Your objective: Using the data beneath this instruction, retype only the lines from the one that contains "Lemma coset_eqP a" down to the one that contains "Lemma zfun_pow T", both included, exactly as they appear.

[Dataset entries]
┄┄┄┄┄┄┄┄┄┄
Lemma coset_eq a b : N (a^-1 * b) -> coset a = coset b.
Proof.
move=> Nab; apply: eq_exist; apply/funext => c; apply/propext; rewrite /coset_rel.
split=> Nc.
  by rewrite -(mulKg (a^-1 * b) (b^-1 * c)) -gmulA mulKVg; apply: NM; first apply: NV.
by rewrite -(mulKVg b c) gmulA; apply: NM.
Qed.

Lemma coset_eqP a b : coset a = coset b -> N (a^-1 * b).
Proof.
move/(congr1 (fun P : coset_type => sval P b)) => /= eq_ab.
by rewrite -/(coset_rel a b) eq_ab /coset_rel gmulV.
Qed.

Lemma coset_repr_coset a : N ((coset_repr (coset a))^-1 * a).
Proof. by apply: coset_eqP; rewrite coset_reprK. Qed.

Definition coset_mul (P Q : coset_type) := coset (coset_repr P * coset_repr Q).

Definition coset_inv (P : coset_type) := coset (coset_repr P)^-1.

Lemma coset_mulE a b : coset_mul (coset a) (coset b) = coset (a * b).
Proof.
apply: coset_eq; set a' := coset_repr (coset a); set b' := coset_repr (coset b).
have -> : (a' * b')^-1 * (a * b) = (b'^-1 * (a'^-1 * a) * b') * (b'^-1 * b).
  by rewrite invMg -!gmulA mulKVg.
by apply: NM; [apply: Nconj; apply: coset_repr_coset | apply: coset_repr_coset].
Qed.

Lemma coset_invE a : coset_inv (coset a) = coset a^-1.
Proof.
apply: coset_eq; set a' := coset_repr (coset a).
have -> : a'^-1^-1 * a^-1 = a'^-1^-1 * (a'^-1 * a)^-1 * a'^-1.
  by rewrite invMg !invgK gmulA mulgK.
by apply/Nconj/NV/coset_repr_coset.
Qed.

Lemma coset_ind (P : coset_type -> Prop) : (forall a, P (coset a)) -> forall Q, P Q.
Proof. by move=> Pcoset Q; rewrite -(coset_reprK Q). Qed.

Definition quotient : group.
refine (@Defs.Group coset_type coset_mul (coset 1) coset_inv _ _ _).
- apply: coset_ind => a; apply: coset_ind => b; apply: coset_ind => c.
  by rewrite !coset_mulE gmulA.
- by apply: coset_ind => a; rewrite coset_mulE gmul1.
- by apply: coset_ind => a; rewrite coset_invE coset_mulE gmulV.
Defined.

Lemma coset_hom : is_hom (coset : G -> quotient).
Proof. by move=> a b /=; rewrite coset_mulE. Qed.

Lemma coset_eq1 a : (coset a : quotient) = 1 <-> N a.
Proof.
split=> [/coset_eqP | Na]; last by apply/esym/coset_eq; rewrite invg1 gmul1.
by move/NV; rewrite invMg invg1 gmul1 invgK.
Qed.

End Quotient.

Definition zfun (T : Type) : group.
refine (@Defs.Group (T -> int) (fun f g t => f t + g t)%R (fun _ => 0%R)
  (fun f t => - f t)%R _ _ _).
- by move=> f g h; apply/funext => t; lia.
- by move=> f; apply/funext => t; lia.
- by move=> f; apply/funext => t; lia.
Defined.

Lemma zfun_abelian T : abelian (zfun T).
Proof. by move=> f g; apply/funext => t /=; lia. Qed.

Lemma zfun_pow T (f : zfun T) n t : (f ^+ n : T -> int) t = (f t * n%:Z)%R.
Proof. by elim: n => [|n IHn] /=; rewrite ?IHn; lia. Qed.

Definition conjugate (G : group) (a b : G) : Prop := exists w, b = w^-1 * a * w.

Lemma conjugate_sym (G : group) (a b : G) : conjugate a b -> conjugate b a.
Proof. by case=> w ->; exists w^-1; rewrite invgK !gmulA mulgK mulgV gmul1. Qed.

Lemma conjugate_trans (G : group) (a b c : G) :
  conjugate a b -> conjugate b c -> conjugate a c.
Proof. by case=> w ->; case=> v ->; exists (w * v); rewrite invMg !gmulA. Qed.

Section CoxeterGroup.
Variables (S : finType) (m : S -> S -> option nat) (W : group) (sgen : S -> W).
Hypothesis HW : is_coxeter_group m sgen.

Local Notation Q := (QW sgen).
Implicit Types x y z : Q.

Lemma sgen_invol s : sgen s * sgen s = 1.
Proof. by case: HW => [[m_diag _] [rels _]]; have /= := rels s s 1%N (m_diag s); rewrite mulg1. Qed.

Lemma sgenV s : (sgen s)^-1 = sgen s.
Proof. by symmetry; apply/mulg_eq1r/sgen_invol. Qed.

Lemma sgen_gen_by w : gen_by sgen w.
Proof.
case: HW => _ [rels univ]; apply: presents_gen_by (conj rels univ) _ w.
by move=> s t k m_st; apply: sval_inj; rewrite gen_group_pow; apply: rels.
Qed.

Lemma QW_invol (x : Q) : sval x * sval x = 1.
Proof.
case: x => x [w [s xE]] /=; rewrite xE.
by rewrite !gmulA mulgK -(gmulA w^-1) sgen_invol mulg1 gmulV.
Qed.

Lemma QWV (x : Q) : (sval x)^-1 = sval x.
Proof. by symmetry; apply/mulg_eq1r/QW_invol. Qed.

Lemma in_QW_conj (x : Q) w : in_QW sgen (w^-1 * sval x * w).
Proof. by case: x => x [v [s xE]] /=; exists (v * w), s; rewrite xE invMg !gmulA. Qed.

Definition qconj (x : Q) (w : W) : Q := exist _ _ (in_QW_conj x w).

Lemma sgen_in_QW s : in_QW sgen (sgen s).
Proof. by exists 1, s; rewrite invg1 gmul1 mulg1. Qed.

Definition sQ (s : S) : Q := exist _ _ (sgen_in_QW s).

Lemma qconj1 x : qconj x 1 = x.
Proof. by apply: sval_inj; rewrite /= invg1 gmul1 mulg1. Qed.

Lemma qconjM x v w : qconj x (v * w) = qconj (qconj x v) w.
Proof. by apply: sval_inj; rewrite /= invMg !gmulA. Qed.

Lemma qconjK x y : qconj (qconj x (sval y)) (sval y) = x.
Proof. by apply: sval_inj; rewrite /= QWV !gmulA QW_invol gmul1 -gmulA QW_invol mulg1. Qed.

Lemma qconj_self x : qconj x (sval x) = x.
Proof. by apply: sval_inj; rewrite /= QWV QW_invol gmul1. Qed.

Lemma qop_relE x y z : qop_rel x y z -> z = qconj x (sval y).
Proof. by move=> xyz; apply: sval_inj; rewrite xyz /= QWV. Qed.

Lemma qconj_equivariant (H : group) (f : Q -> H) (sigma : W -> H) : is_hom sigma ->
    (forall y s, f (qconj y (sgen s)) = (sigma (sgen s))^-1 * f y * sigma (sgen s)) ->
  forall y w, f (qconj y w) = (sigma w)^-1 * f y * sigma w.
Proof.
move=> sigma_hom f_sgen y w; elim: (sgen_gen_by w) y => [|s a _ IHa|s a _ IHa] y.
- by rewrite qconj1 (hom1 sigma_hom) invg1 gmul1 mulg1.
- by rewrite qconjM IHa f_sgen sigma_hom invMg !gmulA.
- by rewrite sgenV qconjM IHa f_sgen sigma_hom invMg !gmulA.
Qed.

Section QuandleRepresentation.
Variables (H : group) (f : Q -> H).
Hypothesis f_qconj : forall x y, f (qconj x (sval y)) = f y * f x * f y.

Lemma quandle_rep_invol x : f x * f x = 1.
Proof.
apply: (@mulgI _ (f x)); apply: (@mulgI _ (f x)).
by rewrite mulg1 !gmulA -f_qconj qconj_self.
Qed.

Lemma quandle_rep_palindrome n x y : exists z : Q,
  sval z = (sval x * sval y) ^+ n * sval x /\ (f x * f y) ^+ n * f x = f z.
Proof.
elim: n x y => [|n IHn] x y; first by exists x; rewrite !gmul1.
have [z [zE fz]] := IHn y x.
exists (qconj z (sval x)); split.
  by rewrite gpowSr /= QWV zE !gmulA mul_gpow_swap.
by rewrite f_qconj -fz gpowSr !gmulA -mul_gpow_swap.
Qed.

Lemma quandle_rep_coxeter_rels : coxeter_rels m (fun s => f (sQ s)).
Proof.
move=> s t [|n] m_st; first by [].
case: HW => _ [rels _]; have := rels s t n.+1 m_st.
rewrite gpowSr gmulA => /mulg_eq1l; rewrite sgenV => st_t.
have [z [zE fz]] := quandle_rep_palindrome n (sQ s) (sQ t).
rewrite gpowSr gmulA fz.
have -> : z = sQ t by apply: sval_inj; apply: etrans zE st_t.
exact: quandle_rep_invol.
Qed.

Lemma quandle_rep_hom : exists sigma : W -> H, is_hom sigma /\ forall x, sigma (sval x) = f x.
Proof.
case: HW => _ [_ univ].
have [sigma [sigma_hom [sigma_s _]]] := univ H _ quandle_rep_coxeter_rels.
exists sigma; split=> // x.
have f_sgen y s : f (qconj y (sgen s)) = (sigma (sgen s))^-1 * f y * sigma (sgen s).
  by rewrite sigma_s -(mulg_eq1l (quandle_rep_invol (sQ s))); exact: (f_qconj y (sQ s)).
have [w [s xE]] := proj2_sig x.
have -> : x = qconj (sQ s) w by apply: sval_inj.
by rewrite (qconj_equivariant sigma_hom f_sgen) /= !sigma_hom (homV sigma_hom) sigma_s.
Qed.

End QuandleRepresentation.

Definition class_rep x : option S := [pick s | `[< conjugate (sgen s) (sval x) >] ].

Lemma class_repP x : exists2 s, class_rep x = Some s & conjugate (sgen s) (sval x).
Proof.
rewrite /class_rep; case: pickP => [s /asboolP | none]; first by exists s.
have [w [s xE]] := proj2_sig x.
by have /asboolPn[] := negbT (none s); exists w.
Qed.

Lemma class_rep_conj x y : conjugate (sval x) (sval y) -> class_rep x = class_rep y.
Proof.
move=> xy; apply: eq_pick => s /=; apply/asboolP/asboolP => sx.
  exact: conjugate_trans sx xy.
exact: conjugate_trans sx (conjugate_sym xy).
Qed.

Lemma class_rep_qconj x w : class_rep (qconj x w) = class_rep x.
Proof. by symmetry; apply: class_rep_conj; exists w. Qed.

Lemma class_rep_sgen x r : class_rep x = Some r -> class_rep (sQ r) = Some r.
Proof.
have [s xs sx] := class_repP x; rewrite xs => -[<-].
by rewrite -xs; apply: class_rep_conj.
Qed.

Definition class_ind x : zfun S := fun t => if class_rep x == Some t then 1%R else 0%R.

Lemma class_ind_rels : adjoint_rels class_ind.
Proof.
move=> x y z /qop_relE ->; rewrite /class_ind class_rep_qconj.
by apply/funext => t /=; lia.
Qed.

Definition reps : seq S := [seq s <- enum S | class_rep (sQ s) == Some s].

Lemma reps_uniq : uniq reps.
Proof. by rewrite filter_uniq // enum_uniq. Qed.

Lemma mem_reps s : (s \in reps) = (class_rep (sQ s) == Some s).
Proof. by rewrite mem_filter mem_enum andbT. Qed.

Section AdjointGroup.
Variables (A : group) (e : Q -> A).
Hypothesis HA : is_adjoint_group e.

Lemma e_qconj x y : e (qconj x (sval y)) = (e y)^-1 * e x * e y.
Proof. by case: HA => rels _; symmetry; apply: rels; rewrite /qop_rel /= QWV. Qed.

Lemma e_gen_by a : gen_by e a.
Proof.
apply: (presents_gen_by (rels := @adjoint_rels S W sgen) HA) => x y z xyz.
by apply: sval_inj; case: HA => rels _; apply: rels.
Qed.

Definition sq x : A := e x * e x.

Lemma sq_central x : central (sq x).
Proof.
move=> a; apply: central_gen_by (e_gen_by a) => y.
have ey : (e x)^-1 * ((e x)^-1 * e y * e x) * e x = e y by rewrite -!e_qconj qconjK.
by rewrite -{1}ey /sq !gmulA mulgK mulgV gmul1.
Qed.

Lemma sq_qconj_QW x y : sq (qconj x (sval y)) = sq x.
Proof.
by rewrite /sq e_qconj !gmulA mulgK -(gmulA (e y)^-1) -/(sq x) -(sq_central x) mulgKV.
Qed.

Lemma sq_qconj x w : sq (qconj x w) = sq x.
Proof.
have one_hom : is_hom (fun _ : W => 1 : A) by move=> ? ?; rewrite gmul1.
rewrite (qconj_equivariant one_hom) => [|y s]; rewrite /= invg1 gmul1 mulg1 //.
exact: (sq_qconj_QW y (sQ s)).
Qed.

Lemma sq_class_rep x r : class_rep x = Some r -> sq x = sq (sQ r).
Proof.
have [s xs [w xE]] := class_repP x; rewrite xs => -[<-].
have -> : x = qconj (sQ s) w by apply: sval_inj.
exact: sq_qconj.
Qed.

Definition sqprod (l : seq S) (c : S -> nat) : A :=
  foldr (fun s a => sq (sQ s) ^+ c s * a) 1 l.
┄┄┄┄┄┄┄┄┄┄
Response to this exercise:
Lemma coset_eqP a b : coset a = coset b -> N (a^-1 * b).
Proof.
move/(congr1 (fun P : coset_type => sval P b)) => /= eq_ab.
by rewrite -/(coset_rel a b) eq_ab /coset_rel gmulV.
Qed.

Lemma coset_repr_coset a : N ((coset_repr (coset a))^-1 * a).
Proof. by apply: coset_eqP; rewrite coset_reprK. Qed.

Definition coset_mul (P Q : coset_type) := coset (coset_repr P * coset_repr Q).

Definition coset_inv (P : coset_type) := coset (coset_repr P)^-1.

Lemma coset_mulE a b : coset_mul (coset a) (coset b) = coset (a * b).
Proof.
apply: coset_eq; set a' := coset_repr (coset a); set b' := coset_repr (coset b).
have -> : (a' * b')^-1 * (a * b) = (b'^-1 * (a'^-1 * a) * b') * (b'^-1 * b).
  by rewrite invMg -!gmulA mulKVg.
by apply: NM; [apply: Nconj; apply: coset_repr_coset | apply: coset_repr_coset].
Qed.

Lemma coset_invE a : coset_inv (coset a) = coset a^-1.
Proof.
apply: coset_eq; set a' := coset_repr (coset a).
have -> : a'^-1^-1 * a^-1 = a'^-1^-1 * (a'^-1 * a)^-1 * a'^-1.
  by rewrite invMg !invgK gmulA mulgK.
by apply/Nconj/NV/coset_repr_coset.
Qed.

Lemma coset_ind (P : coset_type -> Prop) : (forall a, P (coset a)) -> forall Q, P Q.
Proof. by move=> Pcoset Q; rewrite -(coset_reprK Q). Qed.

Definition quotient : group.
refine (@Defs.Group coset_type coset_mul (coset 1) coset_inv _ _ _).
- apply: coset_ind => a; apply: coset_ind => b; apply: coset_ind => c.
  by rewrite !coset_mulE gmulA.
- by apply: coset_ind => a; rewrite coset_mulE gmul1.
- by apply: coset_ind => a; rewrite coset_invE coset_mulE gmulV.
Defined.

Lemma coset_hom : is_hom (coset : G -> quotient).
Proof. by move=> a b /=; rewrite coset_mulE. Qed.

Lemma coset_eq1 a : (coset a : quotient) = 1 <-> N a.
Proof.
split=> [/coset_eqP | Na]; last by apply/esym/coset_eq; rewrite invg1 gmul1.
by move/NV; rewrite invMg invg1 gmul1 invgK.
Qed.

End Quotient.

Definition zfun (T : Type) : group.
refine (@Defs.Group (T -> int) (fun f g t => f t + g t)%R (fun _ => 0%R)
  (fun f t => - f t)%R _ _ _).
- by move=> f g h; apply/funext => t; lia.
- by move=> f; apply/funext => t; lia.
- by move=> f; apply/funext => t; lia.
Defined.

Lemma zfun_abelian T : abelian (zfun T).
Proof. by move=> f g; apply/funext => t /=; lia. Qed.

Lemma zfun_pow T (f : zfun T) n t : (f ^+ n : T -> int) t = (f t * n%:Z)%R.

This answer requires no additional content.